Respiratory syncytial virus (RSV) is the leading cause of lower respiratory tract infections in young children and is further associated with increased healthcare utilization and cost of care in the first years of life. Severe RSV disease during infancy has also been linked to the later development of allergic asthma, yet there remains no licensed RSV vaccine or effective treatment. Pre-clinical and clinical studies have shown that disease severity and development of allergic asthma are associated with differences in cytokine production. As a result, stimulation of the innate host immune response with immune potentiators is gaining attention for their prospective application in populations with limited immune responses to antigenic stimuli or against pathogens for which vaccines do not exist. Specifically, macrophage-activating cytokines such as interferon gamma (IFNγ) and granulocyte colony-stimulating factor (GM-CSF) are commercially available immune potentiators used to prevent infections in patients with chronic granulomatous disease and febrile neutropenia, respectively. Moreover, an increasing number of reports describe the protective function of IFNγ and GM-CSF as vaccine adjuvants. Although a positive correlation between cytokine production and age has previously been reported, little is known about age-dependent cytokine metabolism or immune activating responses in infant compared to adult lungs. Here we use a non-compartmental pharmacokinetic model in naïve and RSV-infected infant and adult BALB/c mice to determine the effect of age on IFNγ and GM-CSF elimination and innate cell activation following intranasal delivery.

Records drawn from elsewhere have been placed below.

(* Any cycle graph on $n\ge3$ nodes is reachable (observable) from any two adjacent nodes $i$ and $(i\bmod n)+1$.
   Context: The cycle graph on nodes $\{1,\dots,n\}$ has edges $\{i,(i\bmod n)+1\}$; its Laplacian $L$ has $2$ on the diagonal and $-1$ in entries $(i,j)$ with $j\equiv i\pm1\pmod n$. Reachable from a set $\{i_1,i_2\}$ means that $(L,B)$ with $B=[e_{i_1}|e_{i_2}]$ is reachable (reachability matrix has rank $n$); observable means $(L,B^T)$ is observable. *)

From HB Require Import structures.
From mathcomp Require Import all_boot all_order all_algebra.
Set Implicit Arguments. Unset Strict Implicit. Unset Printing Implicit Defensive.
Import Order.TTheory GRing.Theory Num.Theory.
Local Open Scope ring_scope.

(* Nodes {1,...,n} are represented by 'I_n = {0,...,n-1} (node k+1 <-> k).
   The cycle edge {i, (i mod n)+1} becomes {k, (k+1) mod n}. *)

Definition cycle_laplacian (R : pzRingType) (n : nat) : 'M[R]_n :=
  \matrix_(i < n, j < n)
    if i == j then 2%:R
    else if (val j == (val i).+1 %% n)%N || (val i == (val j).+1 %% n)%N
         then -1 else 0.

Definition input2 (R : pzRingType) (n : nat) (i1 i2 : 'I_n) : 'M[R]_(n, 2) :=
  \matrix_(r < n, c < 2) if c == ord0 then (r == i1)%:R else (r == i2)%:R.

Definition reach_mx (R : pzRingType) (n m : nat) (A : 'M[R]_n) (B : 'M[R]_(n, m)) :=
  \mxrow_(k < n) (A ^+ k *m B).

Definition obs_mx (R : pzRingType) (n p : nat) (A : 'M[R]_n) (C : 'M[R]_(p, n)) :=
  \mxcol_(k < n) (C *m A ^+ k).

Definition reachable (F : fieldType) (n m : nat) (A : 'M[F]_n) (B : 'M[F]_(n, m)) :=
  \rank (reach_mx A B) = n.

Definition observable (F : fieldType) (n p : nat) (A : 'M[F]_n) (C : 'M[F]_(p, n)) :=
  \rank (obs_mx A C) = n.

From HB Require Import structures.
From mathcomp Require Import all_boot all_order all_algebra.
Set Implicit Arguments.
Unset Strict Implicit.
Unset Printing Implicit Defensive.
Import Order.TTheory GRing.Theory Num.Theory.
Local Open Scope ring_scope.

(* The rows of B^T = [e_i; e_(i+1)] span a subspace of the observable space, and
   the row identity e_k L = 2 e_k - e_(k+1) - e_(k-1) of the Laplacian gives
   e_(k+1) = 2 e_k - e_(k-1) - e_k L. Walking around the cycle from the adjacent
   pair (i, i+1), the unit vector reached after m steps is thus a combination of
   the rows of B^T L^t with t <= m, so all n unit vectors lie in the row space of
   the observability matrix. Since L is symmetric, reachability of (L, B) is the
   transposed statement. *)

Lemma trmxX (R : comPzRingType) n (A : 'M[R]_n) k : (A ^+ k)^T = A^T ^+ k.
Proof.
elim: k => [|k IH]; first by rewrite !expr0 trmx1.
by rewrite exprS exprSr -!mulmxE trmx_mul IH.
Qed.

Lemma reachableE (F : fieldType) n m (A : 'M[F]_n) (B : 'M[F]_(n, m)) :
  reachable A B = observable A^T B^T.
Proof.
rewrite /reachable /observable -mxrank_tr /reach_mx tr_mxrow.
by congr (\rank _ = n); apply: eq_mxcol => k; rewrite trmx_mul trmxX.
Qed.

Section Krylov.
Variables (F : fieldType) (n p : nat) (A : 'M[F]_n) (C : 'M[F]_(p, n)).

Definition krylov_mx m : 'M[F]_n := (\sum_(t < m.+1) <<C *m A ^+ t>>)%MS.

Lemma krylov_mxS m : (krylov_mx m <= krylov_mx m.+1)%MS.
Proof.
apply/sumsmx_subP => t _.
exact: (sumsmx_sup (widen_ord (leqnSn _) t)).
Qed.

Lemma sub_krylov_mx0 : (C <= krylov_mx 0)%MS.
Proof. by apply: (sumsmx_sup ord0) => //; rewrite genmxE expr0 mulmx1. Qed.

Lemma krylov_mx_mul m (v : 'rV[F]_n) :
  (v <= krylov_mx m)%MS -> (v *m A <= krylov_mx m.+1)%MS.
Proof.
move/sub_sums_genmxP=> [u ->]; rewrite mulmx_suml.
apply: summx_sub => t _; rewrite -!mulmxA.
have -> : A ^+ t *m A = A ^+ t.+1 by rewrite exprSr mulmxE.
apply: (sumsmx_sup (lift ord0 t)) => //.
by rewrite genmxE; apply: submxMl.
Qed.

Lemma krylov_mx_sub_obs m : (m < n)%N -> (krylov_mx m <= obs_mx A C)%MS.
Proof.
move=> lt_mn; apply/sumsmx_subP => t _; rewrite genmxE /obs_mx eqmx_col.
have lt_tn : (t < n)%N := leq_trans (ltn_ord t) lt_mn.
by apply: (sumsmx_sup (Ordinal lt_tn)) => //; rewrite genmxE.
Qed.

Lemma observable_unit_rows :
  (forall k : 'I_n, (delta_mx 0 k : 'rV_n) <= obs_mx A C)%MS -> observable A C.
Proof.
move=> sub_e; apply/eqP; rewrite eqn_leq rank_leq_col -{1}(mxrank1 F n).
by apply/mxrankS/row_subP => k; rewrite row1.
Qed.

End Krylov.

Section CycleOrdinals.
Variable n : nat.

Lemma val_iter_ordS (k : 'I_n) m : val (iter m (@ordS n) k) = ((k + m) %% n)%N.
Proof.
elim: m => [|m IH] /=; first by rewrite addn0 modn_small.
by rewrite IH -addn1 modnDml addn1 addnS.
Qed.

Lemma iter_ordS_eq (k : 'I_n) m : (iter m (@ordS n) k == k) = (n %| m)%N.
Proof.
rewrite -val_eqE val_iter_ordS /=.
rewrite -[X in _ == X](modn_small (ltn_ord k)) -[X in _ == (X %% n)%N]addn0.
by rewrite eqn_modDl mod0n.
Qed.

Lemma iter_ordS_onto (i k : 'I_n) : exists2 m, (m < n)%N & iter m (@ordS n) i = k.
Proof.
exists ((k + (n - i)) %% n)%N.
  by rewrite ltn_mod (leq_ltn_trans (leq0n k) (ltn_ord k)).
apply: val_inj; rewrite val_iter_ordS modnDmr addnCA subnKC ?(ltnW (ltn_ord i)) //.
by rewrite modnDr modn_small.
Qed.

End CycleOrdinals.

Lemma row_cycle_laplacian (R : pzRingType) n (k : 'I_n) : (3 <= n)%N ->
  row k (cycle_laplacian R n) =
  2%:R *: delta_mx 0 k - delta_mx 0 (ordS k) - delta_mx 0 (ord_pred k).
Proof.
move=> n_ge3.
have Sk_k : ordS k != k by rewrite (iter_ordS_eq k 1%N) dvdn1 gtn_eqF // ltnW.
have Pk_k : ord_pred k != k.
  by apply: contra Sk_k => /eqP Pk; rewrite -{1}Pk ord_predK.
have Sk_Pk : ordS k != ord_pred k.
  apply/eqP => Sk; have := iter_ordS_eq k 2%N.
  rewrite /= Sk ord_predK eqxx => /esym/dvdn_leq le_n2.
  by move: n_ge3; rewrite ltnNge le_n2.
apply/rowP => c; rewrite !mxE.
have Sk_c : (val c == (val k).+1 %% n)%N = (c == ordS k) by [].
have Pk_c : (val k == (val c).+1 %% n)%N = (c == ord_pred k).
  apply/eqP/eqP => [kSc | ->]; last by have /(congr1 val) := ord_predK k.
  by rewrite -(ordSK c); congr ord_pred; apply: val_inj.
rewrite Sk_c Pk_c.
have [-> | ck] := eqVneq c k.
  by rewrite eqxx !(eq_sym k) (negPf Sk_k) (negPf Pk_k) mulr1 !subr0.
rewrite mulr0 sub0r.
have [-> | _] := eqVneq c (ordS k); first by rewrite (negPf Sk_Pk) subr0.
by case: (c == ord_pred k); rewrite /= oppr0 ?sub0r ?addr0.
Qed.

Section CycleObservability.
Variables (F : fieldType) (n : nat) (i j : 'I_n).
Hypotheses (n_ge3 : (3 <= n)%N) (ij_adjacent : val j = ((val i).+1 %% n)%N).

Let L := cycle_laplacian F n.
Let C := (input2 F i j)^T.
Let e (k : 'I_n) : 'rV[F]_n := delta_mx 0 k.
Let walk m := iter m (@ordS n) i.

Lemma walk_sub_krylov m :
  (e (walk m) <= krylov_mx L C m)%MS /\ (e (walk m.+1) <= krylov_mx L C m)%MS.
Proof.
elim: m => [|m [IHm IHSm]].
  have walk1 : walk 1 = j by apply: val_inj; rewrite /= ij_adjacent.
  rewrite walk1; split; apply: submx_trans (sub_krylov_mx0 L C).
    have -> : e (walk 0) = row 0 C by apply/rowP => c; rewrite !mxE eq_sym.
    exact: row_sub.
  have -> : e j = row 1 C by apply/rowP => c; rewrite !mxE eq_sym.
  exact: row_sub.
split; first exact: submx_trans IHSm (krylov_mxS _ _ _).
have walk_rec :
    e (walk m.+2) = 2%:R *: e (walk m.+1) - e (walk m) - e (walk m.+1) *m L.
  rewrite -rowE row_cycle_laplacian // /= ordSK.
  by rewrite opprB -addrA addKr opprB addrC subrK.
rewrite walk_rec; apply: addmx_sub; last by rewrite eqmx_opp krylov_mx_mul.
apply: addmx_sub; last by rewrite eqmx_opp (submx_trans IHm) ?krylov_mxS.
by rewrite scalemx_sub // (submx_trans IHSm) ?krylov_mxS.
Qed.

Lemma cycle_observable : observable L C.
Proof.
apply: observable_unit_rows => k.
have [m lt_mn <-] := iter_ordS_onto i k.
by have [sub_e _] := walk_sub_krylov m; rewrite (submx_trans sub_e) ?krylov_mx_sub_obs.
Qed.

End CycleObservability.

Lemma cycle_laplacian_tr (R : pzRingType) n :
  (cycle_laplacian R n)^T = cycle_laplacian R n.
Proof. by apply/matrixP => a b; rewrite !mxE (eq_sym b a) orbC. Qed.

Theorem mainTheorem10 (R : realFieldType) (n : nat) (hn : (3 <= n)%N)
    (i j : 'I_n) (hij : val j = ((val i).+1 %% n)%N) :
  reachable (cycle_laplacian R n) (input2 R i j) /\
  observable (cycle_laplacian R n) (input2 R i j)^T.
Proof.
have obs := cycle_observable R hn hij.
by split; rewrite // reachableE cycle_laplacian_tr.
Qed.
(* Let $\kappa$ be a regular uncountable cardinal, let $\tau$ be a cardinal with $1 < \tau < \kappa$ and $\kappa^\tau = \kappa$, and let $J$ be a $\kappa$-complete ideal on $\kappa$ with $NS_\kappa \subseteq J$. Suppose that $\clubsuit_\kappa^{-/\tau}[J]$ holds. Then $\clubsuit_\kappa[J]$ holds.
   Context: An ideal on $\kappa$ is a nonempty $J \subseteq P(\kappa)$ with $\kappa \notin J$, every bounded subset of $\kappa$ in $J$, $J$ closed under subsets and under unions of two members; $J^+ = P(\kappa)\setminus J$; $\kappa$-complete means closed under unions of fewer than $\kappa$ members. $NS_\kappa$ is the nonstationary ideal; $[\kappa]^\kappa$ is the set of size-$\kappa$ subsets of $\kappa$; $acc(\kappa)$ is the set of nonzero limit ordinals below $\kappa$. $\clubsuit_\kappa^{-/\tau}[J]$: there are $B^i_\delta \subseteq \delta$ with $\sup B^i_\delta = \delta$ for $\delta \in acc(\kappa)$, $i < \tau$, such that $\{\delta \in acc(\kappa) : \exists i < \tau\,(B^i_\delta \subseteq W)\} \in J^+$ for every $W \in [\kappa]^\kappa$. $\clubsuit_\kappa[J]$: there are $s_\alpha \subseteq \alpha$ with $\sup s_\alpha = \alpha$ for $\alpha \in acc(\kappa)$ such that $\{\alpha \in acc(\kappa) : s_\alpha \subseteq A\} \in J^+$ for all $A \in [\kappa]^\kappa$. *)

(* A cardinal kappa is modelled as a type T carrying a strict
   well-order lt whose proper initial segments all have cardinality < |T|
   (i.e. T with lt is (isomorphic to) the initial ordinal kappa). *)
From Stdlib Require Import Classical.

Set Implicit Arguments.

Definition card_le (A B : Type) : Prop :=
  exists f : A -> B, forall x y, f x = f y -> x = y.
Definition card_lt (A B : Type) : Prop := card_le A B /\ ~ card_le B A.
Definition card_eq (A B : Type) : Prop :=
  exists f : A -> B, (forall x y, f x = f y -> x = y) /\ (forall y, exists x, f x = y).

Section Ordinals.
Variable T : Type.
Variable lt : T -> T -> Prop.

Definition strict_wellorder : Prop :=
  (forall x y z, lt x y -> lt y z -> lt x z) /\
  (forall x y, lt x y \/ x = y \/ lt y x) /\
  well_founded lt.

Definition is_cardinal_order : Prop :=
  strict_wellorder /\ forall a : T, card_lt {x : T | lt x a} T.

Definition le (x y : T) : Prop := lt x y \/ x = y.

Definition bounded (X : T -> Prop) : Prop := exists a, forall x, X x -> lt x a.

Definition regular : Prop :=
  forall X : T -> Prop, card_lt {x : T | X x} T -> bounded X.

Definition uncountable : Prop := ~ card_le T nat.

Definition acc (d : T) : Prop :=
  (exists b, lt b d) /\ (forall b, lt b d -> exists g, lt b g /\ lt g d).

Definition sub_cofinal (B : T -> Prop) (d : T) : Prop :=
  (forall x, B x -> lt x d) /\ (forall b, lt b d -> exists g, B g /\ le b g).

Definition unbounded (C : T -> Prop) : Prop := forall a, exists b, C b /\ le a b.

Definition closed (C : T -> Prop) : Prop :=
  forall d, acc d -> (forall b, lt b d -> exists g, C g /\ le b g /\ lt g d) -> C d.

Definition club (C : T -> Prop) : Prop := closed C /\ unbounded C.

Definition nonstationary (A : T -> Prop) : Prop :=
  exists C, club C /\ forall x, C x -> ~ A x.

Definition size_kappa (W : T -> Prop) : Prop := card_eq {x : T | W x} T.

Definition subset (A B : T -> Prop) : Prop := forall x, A x -> B x.

Definition ideal (J : (T -> Prop) -> Prop) : Prop :=
  (exists A, J A) /\
  ~ J (fun _ => True) /\
  (forall A, bounded A -> J A) /\
  (forall A B, J B -> subset A B -> J A) /\
  (forall A B, J A -> J B -> J (fun x => A x \/ B x)).

Definition kappa_complete (J : (T -> Prop) -> Prop) : Prop :=
  forall (I : Type) (F : I -> T -> Prop),
    card_lt I T -> (forall i, J (F i)) -> J (fun x => exists i, F i x).

Definition NS_subset (J : (T -> Prop) -> Prop) : Prop :=
  forall A, nonstationary A -> J A.

Definition J_positive (J : (T -> Prop) -> Prop) (A : T -> Prop) : Prop := ~ J A.

(* clubsuit^{-/tau}_kappa [J], with tau represented by the index type S *)
Definition clubsuit_minus (S : Type) (J : (T -> Prop) -> Prop) : Prop :=
  exists B : T -> S -> T -> Prop,
    (forall d i, acc d -> sub_cofinal (B d i) d) /\
    forall W, size_kappa W ->
      J_positive J (fun d => acc d /\ exists i, subset (B d i) W).

Definition clubsuit (J : (T -> Prop) -> Prop) : Prop :=
  exists s : T -> T -> Prop,
    (forall a, acc a -> sub_cofinal (s a) a) /\
    forall A, size_kappa A ->
      J_positive J (fun a => acc a /\ subset (s a) A).

End Ordinals.

(* Suppose clubsuit_kappa[J] fails.  Code functions h : tau -> kappa injectively by
   ordinals g(h).  For each i < tau, reading off the i-th coordinates of the codes in
   B^i_delta gives a candidate clubsuit-sequence, so some A_i of size kappa defeats it
   modulo J.  Let W be the set of codes of the functions i |-> c_i(a) (a in A_0), where
   c_i(a) is a point of A_i above a.  At closure points delta of the coding, B^i_delta
   being contained in W forces the decoded i-th sequence to be cofinal in delta and
   contained in A_i.  Hence the J-positive set given by clubsuit^{-/tau} for W is covered
   by a nonstationary set and tau sets of J, contradicting kappa-completeness. *)
From Stdlib Require Import Classical ClassicalEpsilon ProofIrrelevance.
Set Implicit Arguments.

Lemma proj1_sig_inj (A : Type) (P : A -> Prop) (u v : {x | P x}) :
  proj1_sig u = proj1_sig v -> u = v.
Proof. apply eq_sig_hprop; intros; apply proof_irrelevance. Qed.

Lemma card_le_trans (A B C : Type) : card_le A B -> card_le B C -> card_le A C.
Proof.
  intros [f finj] [g ginj]. exists (fun x => g (f x)). auto.
Qed.

Lemma card_eq_sym (A B : Type) : card_eq A B -> card_eq B A.
Proof.
  intros [f [finj fsur]].
  destruct (choice _ fsur) as [f' Hf'].
  exists f'. split.
  - intros x y E. rewrite <- (Hf' x), <- (Hf' y), E. reflexivity.
  - intro x. exists (f x). apply finj, Hf'.
Qed.

Lemma card_eq_trans (A B C : Type) : card_eq A B -> card_eq B C -> card_eq A C.
Proof.
  intros [f [finj fsur]] [g [ginj gsur]]. exists (fun x => g (f x)). split; auto.
  intro z. destruct (gsur z) as [y <-]. destruct (fsur y) as [x <-]. eauto.
Qed.

Lemma card_le_of_card_eq (A B : Type) : card_eq A B -> card_le B A.
Proof. intros H. destruct (card_eq_sym H) as [f [finj _]]. exists f; exact finj. Qed.

Lemma card_le_sig_sub (A : Type) (P Q : A -> Prop) :
  (forall x, P x -> Q x) -> card_le {x | P x} {x | Q x}.
Proof.
  intros PQ. exists (fun u => exist Q (proj1_sig u) (PQ _ (proj2_sig u))).
  intros u v E. apply proj1_sig_inj. exact (f_equal (@proj1_sig _ _) E).
Qed.

Lemma card_eq_image (A B : Type) (P : A -> Prop) (F : A -> B) :
  (forall x y, P x -> P y -> F x = F y -> x = y) ->
  card_eq {x | P x} {y | exists x, P x /\ F x = y}.
Proof.
  intros Finj.
  exists (fun u => exist _ (F (proj1_sig u))
                    (ex_intro _ (proj1_sig u) (conj (proj2_sig u) eq_refl))).
  split.
  - intros [x Px] [y Py] E. apply proj1_sig_inj, Finj; auto.
    exact (f_equal (@proj1_sig _ _) E).
  - intros [y [x [Px <-]]]. exists (exist P x Px). apply proj1_sig_inj. reflexivity.
Qed.

Lemma two_points_of_not_card_le_unit (S : Type) :
  ~ card_le S unit -> exists s0 s1 : S, s0 <> s1.
Proof.
  intros N. apply NNPP; intros All. apply N. exists (fun _ => tt). intros x y _.
  apply NNPP; intro xy. apply All; eauto.
Qed.

Lemma card_le_pair_of_exp (S T : Type) (s0 s1 : S) :
  s0 <> s1 -> card_le (S -> T) T -> card_le (T * T) T.
Proof.
  intros s01 [g ginj].
  exists (fun p => g (fun s => if excluded_middle_informative (s = s0) then fst p else snd p)).
  intros [x y] [x' y'] E. apply ginj in E.
  pose proof (f_equal (fun h => h s0) E) as E0. pose proof (f_equal (fun h => h s1) E) as E1.
  simpl in E0, E1.
  destruct (excluded_middle_informative (s0 = s0)) as [_|]; [|congruence].
  destruct (excluded_middle_informative (s1 = s0)); [congruence|].
  congruence.
Qed.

呼吸道合胞病毒(RSV)是导致婴幼儿下呼吸道感染的主要原因,并且与生命最初几年中增加的医疗保健利用和护理成本有关。婴儿期严重 RSV 疾病也与过敏性哮喘的后期发展有关,但目前仍没有获得许可的 RSV 疫苗或有效治疗方法。临床前和临床研究表明,疾病的严重程度和过敏性哮喘的发展与细胞因子产生的差异有关。因此,用免疫增强剂刺激先天宿主免疫反应因其在对抗原刺激或对不存在疫苗的病原体的免疫反应有限的人群中的潜在应用而受到关注。具体而言,巨噬细胞激活细胞因子(如干扰素 γ(IFNγ)和粒细胞集落刺激因子(GM-CSF))是市售的免疫增强剂,分别用于预防慢性肉芽肿病和发热性中性粒细胞减少症患者的感染。此外,越来越多的报告描述了 IFNγ 和 GM-CSF 作为疫苗佐剂的保护作用。尽管先前已经报道了细胞因子产生与年龄之间的正相关关系,但对于婴儿与成人肺部相比,细胞因子代谢或免疫激活反应随年龄的依赖性知之甚少。在这里,我们使用天真和 RSV 感染的婴儿和成年 BALB/c 小鼠的非隔室药代动力学模型来确定年龄对 IFNγ 和 GM-CSF 消除以及鼻内给药后固有细胞激活的影响。